Perubahan Besar Komisi Pemberantasan Korupsi di Era Jokowi

Sedang Trending 1 bulan yang lalu

Jakarta, CNN Indonesia --

Salah satu catatan di bagian norma dari 10 tahun pemerintahan Presiden Joko Widodo (Jokowi) dari 2014-2024 adalah pelemahan Komisi Pemberantasan Korupsi (KPK).

Lembaga pemberantasan korupsi nan lahir di era Kepresidenan Megawati Soekarnoputri pada 2002 lampau itu dinilai tak lagi segarang dulu, kepercayaan rakyat pun kian luntur.

ADVERTISEMENT

SCROLL TO CONTINUE WITH CONTENT

Revisi UU KPK

Titik krusial pelemahan KPK terjadi sekitar sebulan sebelum periode kedua Jokowi pada 2019 silam. Pada 5 September 2019, rapat paripurna DPR menyetujui revisi Undang-Undang KPK sebagai inisiatif DPR.

Agenda itu muncul tiba-tiba, tak ada pembicaraan sebelumnya. DPR menyiapkan pembahasan itu secara tertutup. Kala itu, awak media massa baru tahu agenda pembahasan tersebut sepuluh menit sebelum rapat dimulai.

Beberapa poin krusial dalam revisi itu adalah KPK berubah menjadi lembaga rumpun pelaksana dan pegawainya menjadi Aparatur Sipil Negara (ASN). Munculnya Dewan Pengawas (Dewas) KPK nan lebih berkuasa daripada pimpinan. Bahkan, penyadapan kudu mengantongi izin Dewas.

Operasi tangkap tangan (OTT) nan menjadi salah satu senjata KPK dalam memberantas korupsi pun jadi susah dilakukan lantaran perihal itu. Selain itu, penyelidik tak lagi berkuasa mengusulkan pencekalan ke luar negeri bagi pihak nan diduga berangkaian dengan pidana korupsi. Hal itu juga diperkuat dengan revisi UU Imigrasi nan baru disahkan pada 2024 ini, di mana pencekalan hanya boleh dilakukan pada proses penyidikan.

UU KPK terbaru juga mengatur ketentuan pemusnahan seketika penyadapan nan tidak mengenai perkara. Lalu ada ancaman pidana bagi pihak nan menyadap dan menyimpan hasilnya.

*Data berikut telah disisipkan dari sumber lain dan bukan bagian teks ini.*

(* Let $d\ge 3$ be odd. The group $G_d$ is neither torsion nor torsion-free: it contains elements of infinite order and nontrivial elements of finite order (namely the element $\xi_i=[a_{\overline{i+1}}^2,a_{\overline{i+2}}]\,([a_i,a_{\overline{i+1}}][a_{\overline{i+1}},a_{\overline{i+2}}])^{-1}$, which acts as $(i\ \overline{i+2})(\overline{i+1}\ \overline{i+3})$ on the first level with all first-level sections trivial, has order $3$ if $d=3$ and order $2$ if $d\ge5$).
   Context: Let $d\ge 3$, $X=\{1,\dots,d\}$, $T$ the $d$-regular rooted tree with vertex set $X^*$. $\mathrm{Aut}(T)$ is the group of root-preserving automorphisms with product left-to-right: $(gh)(u)=h(g(u))$. Sections $g|_u$ are defined by $g(uv)=g(u)\,g|_u(v)$; we write $g=(g|_1,\dots,g|_d)\lambda_g$ with $\lambda_g\in S_d$ the action on the first level; $e$ is the identity; $\overline{j}\in\{1,\dots,d\}$ denotes $j$ mod $d$. $G_d=\langle a_1,\dots,a_d\rangle\le\mathrm{Aut}(T)$ where $a_i$ acts on the first level as $(i\ \overline{i+1})$, with $a_i|_i=a_i$, $a_i|_{\overline{i+1}}=a_{\overline{i+1}}$, and $a_i|_x=e$ otherwise. Commutators: $[g,h]=g^{-1}h^{-1}gh$. *)

From mathcomp Require Import all_boot all_fingroup.
Set Implicit Arguments. Unset Strict Implicit. Unset Printing Implicit Defensive.

(* Conventions: the alphabet X = {1,...,d} is represented by 'I_d = {0,...,d-1}
   (letter k+1 of the paper is the ordinal k).  The tree T has vertex set
   seq 'I_d (finite words).  Elements of Aut(T) are represented by functions
   seq 'I_d -> seq 'I_d; equality of automorphisms is extensional equality. *)

Lemma ord_pos d (i : 'I_d) : 0 < d.
Proof. by case: i => m Hm; apply: leq_ltn_trans Hm. Qed.

Definition osh d (i : 'I_d) (k : nat) : 'I_d :=
  Ordinal (ltn_pmod (i + k) (ord_pos i)).

Fixpoint gen_act d (i : 'I_d) (w : seq 'I_d) : seq 'I_d :=
  match w with
  | [::] => [::]
  | x :: w' =>
      if x == i then osh i 1 :: gen_act i w'
      else if x == osh i 1 then i :: gen_act (osh i 1) w'
      else x :: w'
  end.

Fixpoint gen_inv d (i : 'I_d) (w : seq 'I_d) : seq 'I_d :=
  match w with
  | [::] => [::]
  | x :: w' =>
      if x == osh i 1 then i :: gen_inv i w'
      else if x == i then osh i 1 :: gen_inv (osh i 1) w'
      else x :: w'
  end.

(* Group words over the generators a_i; they denote the elements of G_d. *)
Inductive gword (d : nat) : Type :=
| GOne : gword d
| GGen : 'I_d -> gword d
| GInv : gword d -> gword d
| GMul : gword d -> gword d -> gword d.

(* eval false w = the automorphism denoted by w, eval true w = its inverse.
   Products are composed left to right: (gh)(u) = h(g(u)). *)
Fixpoint eval d (b : bool) (w : gword d) : seq 'I_d -> seq 'I_d :=
  match w with
  | GOne => id
  | GGen i => if b then gen_inv i else gen_act i
  | GInv w' => eval (~~ b) w'
  | GMul w1 w2 => if b then eval b w1 \o eval b w2
                  else eval b w2 \o eval b w1
  end.

Definition geval d (w : gword d) := eval false w.

Definition gcomm d (g h : gword d) : gword d :=
  GMul (GMul (GMul (GInv g) (GInv h)) g) h.

Definition gsq d (g : gword d) := GMul g g.

Definition xi d (i : 'I_d) : gword d :=
  GMul (gcomm (gsq (GGen (osh i 1))) (GGen (osh i 2)))
       (GInv (GMul (gcomm (GGen i) (GGen (osh i 1)))
                   (gcomm (GGen (osh i 1)) (GGen (osh i 2))))).

Definition is_id d (f : seq 'I_d -> seq 'I_d) := forall u, f u = u.

Definition fpow d (f : seq 'I_d -> seq 'I_d) (n : nat) := iter n f.

Definition has_order d (f : seq 'I_d -> seq 'I_d) (k : nat) :=
  0 < k /\ is_id (fpow f k) /\ (forall m, 0 < m < k -> ~ is_id (fpow f m)).

Definition Gd_torsion d :=
  forall g : gword d, exists2 n, 0 < n & is_id (fpow (geval g) n).

Definition Gd_torsion_free d :=
  forall g : gword d, ~ is_id (geval g) ->
    forall n, 0 < n -> ~ is_id (fpow (geval g) n).

(* Letters are numbered from 0.  Let b = a_0 a_1 ... a_(d-1) and c = a_0 a_(d-1) ... a_1
   (up_word and down_word).  On the first level b acts as the (d-1)-cycle
   1 -> d-1 -> d-2 -> ... -> 2 -> 1 and c as the (d-1)-cycle 0 -> 2 -> 3 -> ... -> d-1 -> 0.
   Collecting sections along these cycles, b^(d-1) fixes the vertex 1 with section
   a_1 c a_1^-1, and c^(d-1) fixes the vertex 0 with section b.  So b^m = 1 forces
   (d-1) | m and c^(m/(d-1)) = 1, and symmetrically for c; by descent on m, b has infinite
   order.
   Pushing a letter through the fourteen generators of xi_i, all sections cancel, so xi_i
   acts on the first letter only, by (i+1 i+3)(i i+2): two disjoint transpositions when
   d >= 4, and the rotation x -> x+1 when d = 3. *)

From mathcomp Require Import all_boot all_fingroup cyclic zify.
Set Implicit Arguments. Unset Strict Implicit. Unset Printing Implicit Defensive.

Arguments osh : simpl never.
Arguments gen_act : simpl never.
Arguments gen_inv : simpl never.

Lemma osh_osh d (i : 'I_d) a b : osh (osh i a) b = osh i (a + b).
Proof. by apply: val_inj; rewrite /= modnDml addnA. Qed.

Lemma osh_oshS d (i : 'I_d) a : osh (osh i a) 1 = osh i a.+1.
Proof. by rewrite osh_osh addn1. Qed.

Lemma osh0 d (i : 'I_d) : osh i 0 = i.
Proof. by apply: val_inj; rewrite /= addn0 modn_small. Qed.

Lemma osh_d d (i : 'I_d) : osh i d = i.
Proof. by apply: val_inj; rewrite /= modnDr modn_small. Qed.

Lemma eq_osh d (i : 'I_d) a b : a < d -> b < d -> (osh i a == osh i b) = (a == b).
Proof. by move=> ha hb; rewrite -val_eqE /= eqn_modDl !modn_small. Qed.

Lemma eq_osh0l d (i : 'I_d) a : a < d -> (i == osh i a) = (0 == a).
Proof. by move=> ha; have := eq_osh i (ord_pos i) ha; rewrite osh0. Qed.

Lemma eq_osh0r d (i : 'I_d) a : a < d -> (osh i a == i) = (a == 0).
Proof. by move=> ha; rewrite eq_sym eq_osh0l // eq_sym. Qed.

Lemma gen_act_cons d (j x : 'I_d) w : gen_act j (x :: w) =
  if x == j then osh j 1 :: gen_act j w
  else if x == osh j 1 then j :: gen_act (osh j 1) w else x :: w.
Proof. by []. Qed.

Lemma gen_inv_cons d (j x : 'I_d) w : gen_inv j (x :: w) =
  if x == osh j 1 then j :: gen_inv j w
  else if x == j then osh j 1 :: gen_inv (osh j 1) w else x :: w.
Proof. by []. Qed.

Lemma gen_actK d (j : 'I_d) : cancel (gen_act j) (gen_inv j).
Proof.
move=> u; elim: u j => [|x u IH] j //.
rewrite gen_act_cons; case: eqP => [->|/eqP xj]; first by rewrite gen_inv_cons eqxx IH.
case: (x =P osh j 1) xj => [-> xj|/eqP xj1 xj] /=; rewrite gen_inv_cons.
  by rewrite eq_sym (negbTE xj) eqxx IH.
by rewrite (negbTE xj) (negbTE xj1).
Qed.

Lemma gen_invK d (j : 'I_d) : cancel (gen_inv j) (gen_act j).
Proof.
move=> u; elim: u j => [|x u IH] j //.
rewrite gen_inv_cons; case: eqP => [->|/eqP xj1]; first by rewrite gen_act_cons eqxx IH.
case: (x =P j) xj1 => [-> xj1|/eqP xj xj1] /=; rewrite gen_act_cons.
  by rewrite eq_sym (negbTE xj1) eqxx IH.
by rewrite (negbTE xj) (negbTE xj1).
Qed.

Lemma geval_nil d (g : gword d) : geval g [::] = [::].
Proof.
rewrite /geval; elim: g false => [|j|g IH|g1 IH1 g2 IH2] [] //=.
all: by rewrite ?IH ?IH1 ?IH2.
Qed.

Lemma fpow_perm_cons d (f : seq 'I_d -> seq 'I_d) (s : {perm 'I_d}) :
  (forall x w, f (x :: w) = s x :: w) ->
  forall k x w, fpow f k (x :: w) = (s ^+ k)%g x :: w.
Proof.
move=> fs; elim=> [|k IH] x w; first by rewrite perm1.
by rewrite expgSr permM /fpow iterS -/(fpow f k) IH fs.
Qed.

Lemma is_id_fpow_perm d (f : seq 'I_d -> seq 'I_d) (s : {perm 'I_d}) k :
  f [::] = [::] -> (forall x w, f (x :: w) = s x :: w) ->
  is_id (fpow f k) <-> (s ^+ k = 1)%g.
Proof.
move=> f_nil fs; split=> [fk | sk].
  by apply/permP=> x; have := fk [:: x]; rewrite (fpow_perm_cons fs) perm1 => -[].
case=> [|x w]; last by rewrite (fpow_perm_cons fs) sk perm1.
by rewrite /fpow; elim: k {sk} => //= k ->.
Qed.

Pada 2019 silam, meski ditentang banyak pihak, DPR tetap membahas revisi UU KPK. Bahkan, mereka hanya butuh waktu 13 hari membahasnya. Pada rapat paripurna 17 September 2019, DPR mengesahkan undang-undang tersebut tanpa mempedulikan tindakan nan menggeliat di sejumlah kota Indonesia dengan semboyan 'Reformasi Dikorupsi'.

"Dua puluh enam poin ini kami pandang sangat berisiko melemahkan alias apalagi riskan bisa melumpuhkan Kerja KPK. Karena beberapa kewenangan nan dikurangi adalah kewenangan pokok dalam melaksanakan tugas selama ini," ungkap Febri Diansyah yang saat itu Juru Bicara KPK menanggapi pengesahan itu.

Belakangan, Febri kemudian mengundurkan diri dari lembaga itu.

#ReformasiDikorupsi

Sepanjang pembahasan kilat RUU KPK, Jokowi tak melakukan apa pun untuk mencegah. Dia hanya mengatakan revisi itu inisiatif DPR. Padahal koalisi pemerintahan Jokowi di DPR saat itu cukup besar.

"Ketika ada inisiatif DPR memajukan RUU KPK, maka tugas pemerintah adalah meresponsnya, menyiapkan DIM, dan menugaskan menteri untuk mewakili presiden dalam pembahasan DPR," kata Jokowi, Jumat, 13 September 2019.

Rakyat bergejolak. Aksi demonstrasi dengan tajuk #ReformasiDikorupsi digelar mahasiswa dan aktivis masyarakat sipil di beragam daerah. Tokoh-tokoh bangsa juga angkat bicara menuntut Jokowi membatalkan revisi UU KPK.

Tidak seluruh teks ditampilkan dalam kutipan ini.